For all that it is maturing, communication as a discipline is still young and one of its benefits is that it derives its theories and methods from a great variety of work in other, and often older, disciplines. One consequence of this is that there is a variety of approaches and traditions in the field. For the Handbooks in this series, this has created two necessities: commitment to a pluralism of approaches, and a commitment to honour the scholarly traditions of current work and its intellectual roots in the knowledge in earlier times.
There is really no single object of communication sciences. However, if one were to posit one possible object it might be the human communicative act often conceived as someone communicates something to someone else. This is the departure point for much study of communication and, in consonance with such study, it is also the departure point for this series of Handbooks . As such, the series does not attempt to adopt the untenable position of understanding communication sciences as the study of everything that can be conceived as communicating. Rather, while acknowledging that the study of communication must be multifaceted or fragmented, it also recognizes two very general approaches to communication which can be distinguished as: a) the semiotic or linguistic approach associated particularly with the humanities and developed especially where the Romance languages have been dominant and b) a quantitative approach associated with the hard and the social sciences and developed, especially, within an Anglo-German tradition. Although the relationship between these two approaches and between theory and research has not always been straightforward, the series does not privilege one above the other. In being committed to a plurality of approaches it assumes that different camps have something to tell each other. In this way, the Handbooks aspire to be relevant for all approaches to communication. The specific designation communication science for the Handbooks should be taken to indicate this commitment to plurality; like the study of communication, it merely designates the disciplined, methodologically informed, institutionalized study of (human) communication.

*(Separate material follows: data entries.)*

Lemma DXZ (c : k) f : DX (c *: f) = c *: DX f. Proof. exact: wderZ. Qed.
Lemma DYZ (c : k) f : DY (c *: f) = c *: DY f. Proof. exact: wderZ. Qed.

Lemma DXM f g : DX (f * g) = DX f * g + f * DX g.
Proof. exact: (@wderM k fst (fun _ _ => erefl)). Qed.
Lemma DYM f g : DY (f * g) = DY f * g + f * DY g.
Proof. exact: (@wderM k snd (fun _ _ => erefl)). Qed.

Lemma DXY f : DX (DY f) = DY (DX f). Proof. exact: wderC. Qed.

Lemma DX0 : DX 0 = 0. Proof. exact: raddf0. Qed.
Lemma DY0 : DY 0 = 0. Proof. exact: raddf0. Qed.

Lemma DX1 : DX 1 = 0.
Proof. by rewrite -[1]/(<< (0 : Z2) >> : O) wderU mulr0z mul0r monalgU0. Qed.
Lemma DY1 : DY 1 = 0.
Proof. by rewrite -[1]/(<< (0 : Z2) >> : O) wderU mulr0z mul0r monalgU0. Qed.

Lemma vactE xi f : vact xi f = der_act DX DY xi f.
Proof. by rewrite /vact dXE dYE. Qed.

Lemma dXM f g : dX (f * g) = dX f * g + f * dX g.
Proof. by rewrite !dXE DXM. Qed.
Lemma dYM f g : dY (f * g) = dY f * g + f * dY g.
Proof. by rewrite !dYE DYM. Qed.

Lemma vact_xx xi : vact xi (xx k) = xi.1 * xx k.
Proof.
rewrite vactE /der_act /xx /mono !wderU /=.
by rewrite mulr1z mulr0z mul0r mul1r monalgU0 mulr0 addr0.
Qed.

Lemma vact_yy xi : vact xi (yy k) = xi.2 * yy k.
Proof.
rewrite vactE /der_act /yy /mono !wderU /=.
by rewrite mulr1z mulr0z mul0r mul1r monalgU0 mulr0 add0r.
Qed.

Lemma xinvK : xinv k * xx k = 1.
Proof. by rewrite [_ * _]lpmulUU mulr1 addrN. Qed.

Lemma yinvK : yinv k * yy k = 1.
Proof. by rewrite [_ * _]lpmulUU mulr1 addrN. Qed.

Lemma vbracketE xi eta : vbracket xi eta = der_bracket DX DY xi eta.
Proof.
rewrite -(der_bracket_ext dXE dYE) /vbracket /vf_of_der; congr pair.
  exact: (der_commutator_eigen dXM dYM _ _ vact_xx xinvK).
exact: (der_commutator_eigen dXM dYM _ _ vact_yy yinvK).
Qed.

Lemma omegaE : omega k = 1.
Proof. by rewrite /omega /wedge /= mulr1 mulr0 subr0. Qed.

Lemma eval1_dx xi : eval1 (dx_x k) xi = xi.1.
Proof.
rewrite /eval1 -[(dx_x k).1]/1 -[(dx_x k).2]/0 mul1r mul0r addr0.
by rewrite vact_xx mulrCA xinvK mulr1.
Qed.

Lemma eval1_dy xi : eval1 (dy_y k) xi = xi.2.
Proof.
rewrite /eval1 -[(dy_y k).1]/0 -[(dy_y k).2]/1 mul1r mul0r add0r.
by rewrite vact_yy mulrCA yinvK mulr1.
Qed.

Lemma contrE xi : contr xi (omega k) = (- xi.2, xi.1).
Proof. by rewrite /contr omegaE !mul1r eval1_dx eval1_dy. Qed.

Lemma d0E f : d0 f = (DX f, DY f).
Proof. by rewrite /d0 dXE dYE. Qed.

Lemma HamE xi : Ham xi <-> exists f, xi = theta f.
Proof.
rewrite /Ham contrE; split=> -[f eq_f]; exists f; rewrite d0E in eq_f *; last first.
  by rewrite eq_f /ham_field /= opprK.
by case: xi eq_f => a b [eb ea]; rewrite /ham_field -eb -ea opprK.
Qed.

Lemma d1_contr xi : d1 (contr xi (omega k)) = DX xi.1 + DY xi.2.
Proof. by rewrite contrE /d1 /= dXE dYE (additive_opp DYB) opprK. Qed.

Lemma theta_linear (c : k) f g : theta (c *: f + g) = c *: theta f + theta g.
Proof.
rewrite /ham_field DXD DYD DXZ DYZ; congr pair => /=.
by rewrite opprD scalerN.
Qed.

Lemma theta_const (c : k) : theta (c *: 1) = 0.
Proof. by rewrite /ham_field DXZ DYZ DX1 DY1 !scaler0 oppr0. Qed.

Lemma theta0 : theta 0 = 0.
Proof. by rewrite /ham_field DX0 DY0 oppr0. Qed.

Lemma theta_sub_const f (c : k) : theta (f - c *: 1) = theta f.
Proof. by rewrite /ham_field DXB DYB DXZ DYZ DX1 DY1 !scaler0 !subr0. Qed.

Lemma theta_bracket f g : vbracket (theta f) (theta g) = theta (pois f g).
Proof. by rewrite vbracketE (der_bracket_ham DXB DYB DXM DYM DXY). Qed.

Lemma VP_bracket_theta xi f : VP xi -> vbracket xi (theta f) = theta (vact xi f).
Proof.
rewrite /VP d1_contr vbracketE vactE.
exact: (der_bracket_ham_r DXB DYB DXM DYM DXY).
Qed.

Lemma theta_VP f : VP (theta f).
Proof. by rewrite /VP d1_contr /= (additive_opp DYB) DXY subrr. Qed.

Lemma Ham_theta f : Ham (theta f).
Proof. by apply/HamE; exists f. Qed.

Lemma Ham_subspace : subspace (@Ham k).
Proof.
split; first by rewrite -(theta_const 0); apply: Ham_theta.
by move=> c _ _ /HamE [f ->] /HamE [g ->]; rewrite -theta_linear; apply: Ham_theta.
Qed.

Lemma Ham_lie : lie_subalgebra (@vbracket k) (@Ham k).
Proof.
split; first exact: Ham_subspace.
by move=> _ _ /HamE [f ->] /HamE [g ->]; rewrite theta_bracket; apply: Ham_theta.
Qed.

(** * Hamiltonian and divergence-free fields *)

Lemma Ham_ideal : lie_ideal (@vbracket k) (@Ham k) (@VP k).
Proof.
split; first exact: Ham_subspace.
split; first by move=> _ /HamE [f ->]; apply: theta_VP.
by move=> xi _ VPxi /HamE [f ->]; rewrite VP_bracket_theta //; apply: Ham_theta.
Qed.

Lemma mcoeff0_DX f : (DX f)@_0 = 0.
Proof. by rewrite mcoeff_wder mulr0z mul0r. Qed.
Lemma mcoeff0_DY f : (DY f)@_0 = 0.
Proof. by rewrite mcoeff_wder mulr0z mul0r. Qed.

Lemma Ham_const_eq0 (a b : k) : Ham (a *: 1, b *: 1) -> a = 0 /\ b = 0.
Proof.
move=> /HamE [f [/(congr1 (mcoeff 0)) ea /(congr1 (mcoeff 0)) eb]].
rewrite [RHS]mcoeff0_DY [LHS]mcoeffZ mcoeff_one mulr1 in ea.
rewrite [RHS]mcoeffN mcoeff0_DX oppr0 [LHS]mcoeffZ mcoeff_one mulr1 in eb.
by [].
Qed.

Lemma VP_const (a b : k) : VP (a *: 1, b *: 1).
Proof. by rewrite /VP d1_contr /= DXZ DYZ DX1 DY1 !scaler0 addr0. Qed.

Lemma Ham_proper : proper_in (@Ham k) (@VP k).
Proof.
split; first by case: Ham_ideal => _ [].
exists (1 *: 1, 0 *: 1); split; first exact: VP_const.
by move=> /Ham_const_eq0 [/eqP]; rewrite oner_eq0.
Qed.

Definition euler (i : 'I_2) : Vect k := if i == ord0 then (1, 0) else (0, 1).

Lemma sum_euler (c : 'I_2 -> k) :
  \sum_(i < 2) c i *: euler i = (c ord0 *: 1, c ord_max *: 1).
Proof.
rewrite big_ord_recl big_ord1 /euler /=.
have -> : lift ord0 ord0 = ord_max :> 'I_2 by apply: val_inj.
transitivity ((c ord0 *: 1 + c ord_max *: 0 : O), (c ord0 *: 0 + c ord_max *: 1 : O)) => //.
by rewrite !scaler0 addr0 add0r.
Qed.

Hypothesis char0 : [pchar k] =i pred0.

Lemma intr_eq0_char0 (z : int) : (z%:~R == 0 :> k) = (z == 0).
Proof.
case: z => n /=; first by rewrite ((pcharf0P _).1 char0).
by rewrite NegzE mulrNz oppr_eq0 ((pcharf0P _).1 char0).
Qed.

Lemma intr_inj_char0 (a b : int) : a%:~R = b%:~R :> k -> a = b.
Proof. by move/eqP; rewrite -subr_eq0 -intrB intr_eq0_char0 subr_eq0 => /eqP. Qed.

Lemma closed_exact a b : DX a + DY b = 0 -> a@_0 = 0 -> b@_0 = 0 ->
  exists f, (a, b) = theta f.
Proof.
move=> closed a0 b0.
have cE n : (n.1)%:~R * a@_n = - ((n.2)%:~R * b@_n).
  apply/eqP; rewrite -addr_eq0; apply/eqP.
  by move: (congr1 (mcoeff n) closed); rewrite mcoeffD !mcoeff_wder mcoeff0.
(* Integrate along y off the axis [m.2 = 0], along x on it. *)
pose F m : k := if m.2 == 0 then - (b@_m / (m.1)%:~R) else a@_m / (m.2)%:~R.
have Fs m : m \notin msupp a `|` msupp b -> F m = 0.
  rewrite in_fsetU negb_or => /andP [/mcoeff_outdom am /mcoeff_outdom bm].
  by rewrite /F am bm !mul0r oppr0 if_same.
exists [malg m in msupp a `|` msupp b => F m]; rewrite /ham_field.
congr pair; apply/malgP => n; rewrite ?mcoeffN mcoeff_wder mcoeff_malg_fun // /F.
  case: (eqVneq n 0) => [-> //|n0]; first by rewrite a0 mulr0z mul0r.
  case: eqVneq => [n2|n2]; last by rewrite mulrCA mulfV ?mulr1 ?intr_eq0_char0.
  have n1 : n.1 != 0 by move: n0; rewrite Z2_eq0 n2 andbT.
  rewrite n2 mulr0z mul0r; apply/eqP; move: (cE n).
  by rewrite n2 mulr0z mul0r oppr0 => /eqP; rewrite mulf_eq0 intr_eq0_char0 (negPf n1).
case: (eqVneq n 0) => [-> //|n0]; first by rewrite b0 mulr0z mul0r oppr0.
case: eqVneq => [n2|n2].
  have n1 : n.1 != 0 by move: n0; rewrite Z2_eq0 n2 andbT.
  by rewrite mulrN opprK mulrCA mulfV ?mulr1 ?intr_eq0_char0.
by rewrite mulrA cE mulNr mulrAC mulfV ?mul1r ?opprK ?intr_eq0_char0.
Qed.

Lemma codim_Ham : codim_in 2 (@Ham k) (@VP k).
Proof.
exists euler; split.
  by move=> i; rewrite /VP d1_contr /euler; case: ifP => _ /=;
    rewrite ?DX0 ?DY0 ?DX1 ?DY1 addr0.
split=> [xi|c]; last first.
  rewrite sum_euler => /Ham_const_eq0 [c0 c1] -[[|[|//]] i2].
    by rewrite (_ : Ordinal i2 = ord0) //; apply: val_inj.
  by rewrite (_ : Ordinal i2 = ord_max) //; apply: val_inj.
rewrite /VP d1_contr => closed.
exists (fun i => if i == ord0 then xi.1@_0 else xi.2@_0); rewrite sum_euler /=.
have [f fE] : exists f, (xi.1 - xi.1@_0 *: 1, xi.2 - xi.2@_0 *: 1) = theta f.
  apply: closed_exact.
    by rewrite DXB DYB DXZ DYZ DX1 DY1 !scaler0 !subr0.
  by rewrite mcoeffB mcoeffZ mcoeff_one mulr1 subrr.
  by rewrite mcoeffB mcoeffZ mcoeff_one mulr1 subrr.
by apply/HamE; exists f; rewrite -fE.
Qed.

(** * Brackets with monomials *)

Lemma mcoeff_poissonU p g n : (pois << p >> g)@_n = (cross p n)%:~R * g@_(n - p).
Proof.
rewrite /poisson mcoeffB !wderU [X in X - _]mcoeffUM [X in _ - X]mcoeffUM.
rewrite !mcoeff_wder /cross.
rewrite -[(n - p).1]/(n.1 - p.1) -[(n - p).2]/(n.2 - p.2) !intrB !intrM.
move: (g@_(n - p)) ((p.1)%:~R : k) ((p.2)%:~R : k) ((n.1)%:~R : k) ((n.2)%:~R : k).
by move=> *; ring.
Qed.

Lemma poissonUU p m : pois << p >> << m >> = (cross p m)%:~R *: << m + p >>.
Proof.
apply/malgP => n; rewrite mcoeff_poissonU mcoeffZ !mcoeffU -cross_subr.
have -> : (m == n - p) = (m + p == n) by rewrite eq_sym subr_eq eq_sym.
by case: eqP => [<-|_]; rewrite ?addrK ?mulr0.
Qed.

On an operational level, the series aims at meeting the needs of undergraduates, postgraduates, academics and researchers across the area of communication studies. Integrating knowledge of communication structures and processes, it is dedicated to cultural and epistemological diversity, covering work originating from around the globe and applying very different scholarly approaches. To this end, the series is divided into 6 sections: Theories and Models of Communication, Messages, Codes and Channels, Mode of Address, Communicative Situations and Contexts, Methodologies, Application areas and Futures. As readers will see, the first four sections are fixed; yet it is in the nature of our field that the Application areas will expand. It is inevitable that the futures for the field promise to be intriguing with their proximity to the key concerns of human existence on this planet (and even beyond), with the continuing prospect in communication sciences that that future is increasingly susceptible of prediction.